## Work order
Write out every line below that contains "family".

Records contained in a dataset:
****************************************

(* In the standing setting, for every $A'\in Q'$ we have $g(g'(A'))=A'$.
   Context: Standing setting: $(P,\preceq)$ is a finite poset with a bottom and a top element; $f:P\to P'$ is a surjective map onto $P'=f(P)$; $f^{-1}(a')=\{a\in P: f(a)=a'\}$; the relation $\preceq'$ on $P'$ is defined by $b'\preceq' a'$ iff there exist $a\in f^{-1}(a')$, $b\in f^{-1}(b')$ with $b\preceq a$. Assume the three conditions: (D) for all $a',b'\in P'$ with $b'\preceq' a'$ and every $a\in f^{-1}(a')$ there is $b\in f^{-1}(b')$ with $b\preceq a$; (U) for all $a',b'\in P'$ with $b'\preceq' a'$ and every $b\in f^{-1}(b')$ there is $a\in f^{-1}(a')$ with $b\preceq a$; (S) for all $a,b,c\in P$, if $c\preceq b\preceq a$ and $f(c)=f(a)$ then $f(b)=f(a)$. (Then $(P',\preceq')$ is a poset.) A down-set of a poset is a subset $A$ such that $a\in A$ and $b\preceq a$ imply $b\in A$. $Q$ is the set of nonempty down-sets of $(P,\preceq)$ and $Q'$ the set of nonempty down-sets of $(P',\preceq')$, each ordered by inclusion. $g:2^P\to 2^{P'}$ is $g(A)=\{f(a):a\in A\}$. For $A'\in Q'$, $g^{-1}(A')=\{A\in Q: g(A)=A'\}$ and $g'(A')=\bigcup_{A\in g^{-1}(A')}A$. *)

From mathcomp Require Import all_boot.
Set Implicit Arguments. Unset Strict Implicit. Unset Printing Implicit Defensive.

Definition is_poset (T : finType) (le : rel T) : Prop :=
  [/\ reflexive le, antisymmetric le & transitive le].

Definition has_bottom (T : finType) (le : rel T) : Prop :=
  exists b : T, forall a, le b a.
Definition has_top (T : finType) (le : rel T) : Prop :=
  exists t : T, forall a, le a t.

Definition induced_le (T T' : finType) (le : rel T) (f : T -> T') : rel T' :=
  fun b' a' => [exists a, exists b, [&& f a == a', f b == b' & le b a]].

Definition condD (T T' : finType) (le : rel T) (f : T -> T') : Prop :=
  forall a' b' : T', induced_le le f b' a' ->
    forall a, f a = a' -> exists b, f b = b' /\ le b a.

Definition condU (T T' : finType) (le : rel T) (f : T -> T') : Prop :=
  forall a' b' : T', induced_le le f b' a' ->
    forall b, f b = b' -> exists a, f a = a' /\ le b a.

Definition condS (T T' : finType) (le : rel T) (f : T -> T') : Prop :=
  forall a b c : T, le c b -> le b a -> f c = f a -> f b = f a.

Definition is_downset (T : finType) (le : rel T) (A : {set T}) : Prop :=
  forall a b, a \in A -> le b a -> b \in A.

Definition inQ (T : finType) (le : rel T) (A : {set T}) : Prop :=
  is_downset le A /\ A != set0.

Definition g (T T' : finType) (f : T -> T') (A : {set T}) : {set T'} := f @: A.

Definition g' (T T' : finType) (le : rel T) (f : T -> T') (A' : {set T'})
  : {set T} :=
  \bigcup_(A : {set T} | [&& [forall a, forall b, (a \in A) && le b a ==> (b \in A)],
                             A != set0 & g f A == A']) A.

From mathcomp Require Import all_boot.

(* The theorem follows from two observations.
   - If a union is taken over a family of sets that all have the same image
     A' under f, and the family is not empty, then the union also has image
     A' (image_bigcup_constant).
   - The family defining g'(A') is not empty: for a surjective f, the full
     preimage f^-1(A') of a nonempty down-set A' of (P', <=') is a nonempty
     down-set of P whose image is exactly A' (preimset_downset,
     preimset_nonempty, image_preimset). *)

Section ImageOfUnion.

Variables (T T' : finType) (f : T -> T').

Lemma image_bigcup_constant (P : pred {set T}) (A' : {set T'}) (B : {set T}) :
  P B -> (forall A, P A -> f @: A = A') ->
  f @: (\bigcup_(A | P A) A) = A'.
Proof.
move=> PB imP; apply/setP=> y; apply/imsetP/idP.
- by case=> x /bigcupP[A PA xA] ->; rewrite -(imP A PA) imset_f.
- rewrite -{1}(imP B PB) => /imsetP[x xB ->]; exists x => //.
  by apply/bigcupP; exists B.
Qed.

Lemma image_preimset (A' : {set T'}) :
  (forall a', exists a, f a = a') -> f @: (f @^-1: A') = A'.
Proof.
move=> surj; apply/setP=> y; apply/imsetP/idP.
- by case=> x; rewrite inE => fxA' ->.
- by move=> yA'; have [x fx] := surj y; exists x; rewrite ?inE fx.
Qed.

Lemma preimset_nonempty (A' : {set T'}) :
  (forall a', exists a, f a = a') -> A' != set0 -> f @^-1: A' != set0.
Proof.
move=> surj /set0Pn[y yA']; have [x fx] := surj y.
by apply/set0Pn; exists x; rewrite inE fx.
Qed.

End ImageOfUnion.

Lemma downsetP (T : finType) (le : rel T) (A : {set T}) :
  reflect (is_downset le A)
          [forall a, forall b, (a \in A) && le b a ==> (b \in A)].
Proof.
apply: (iffP forallP) => [dA a b aA ba | dA a].
- by have /forallP/(_ b)/implyP := dA a; apply; rewrite aA.
- by apply/forallP=> b; apply/implyP=> /andP[aA ba]; apply: dA ba.
Qed.

Lemma preimset_downset (T T' : finType) (le : rel T) (f : T -> T')
    (A' : {set T'}) :
  is_downset (induced_le le f) A' -> is_downset le (f @^-1: A').
Proof.
move=> dA' a b; rewrite !inE => faA' ba; apply: (dA' (f a)) => //.
by apply/existsP; exists a; apply/existsP; exists b; rewrite !eqxx ba.
Qed.

Theorem lemma9 (T T' : finType) (le : rel T) (f : T -> T') :
  is_poset le -> has_bottom le -> has_top le ->
  (forall a' : T', exists a : T, f a = a') ->
  condD le f -> condU le f -> condS le f ->
  forall A' : {set T'}, inQ (induced_le le f) A' ->
  g f (g' le f A') = A'.
Proof.
move=> _ _ _ surj _ _ _ A' [dA' nA'].
rewrite /g /g'; apply: (@image_bigcup_constant _ _ f _ A' (f @^-1: A')).
- apply/and3P; split.
  + exact/downsetP/preimset_downset.
  + exact: preimset_nonempty.
  + by rewrite /g image_preimset.
- by move=> A /and3P[_ _ /eqP].
Qed.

****************************************

## Solution
   - If a union is taken over a family of sets that all have the same image
     A' under f, and the family is not empty, then the union also has image
   - The family defining g'(A') is not empty: for a surjective f, the full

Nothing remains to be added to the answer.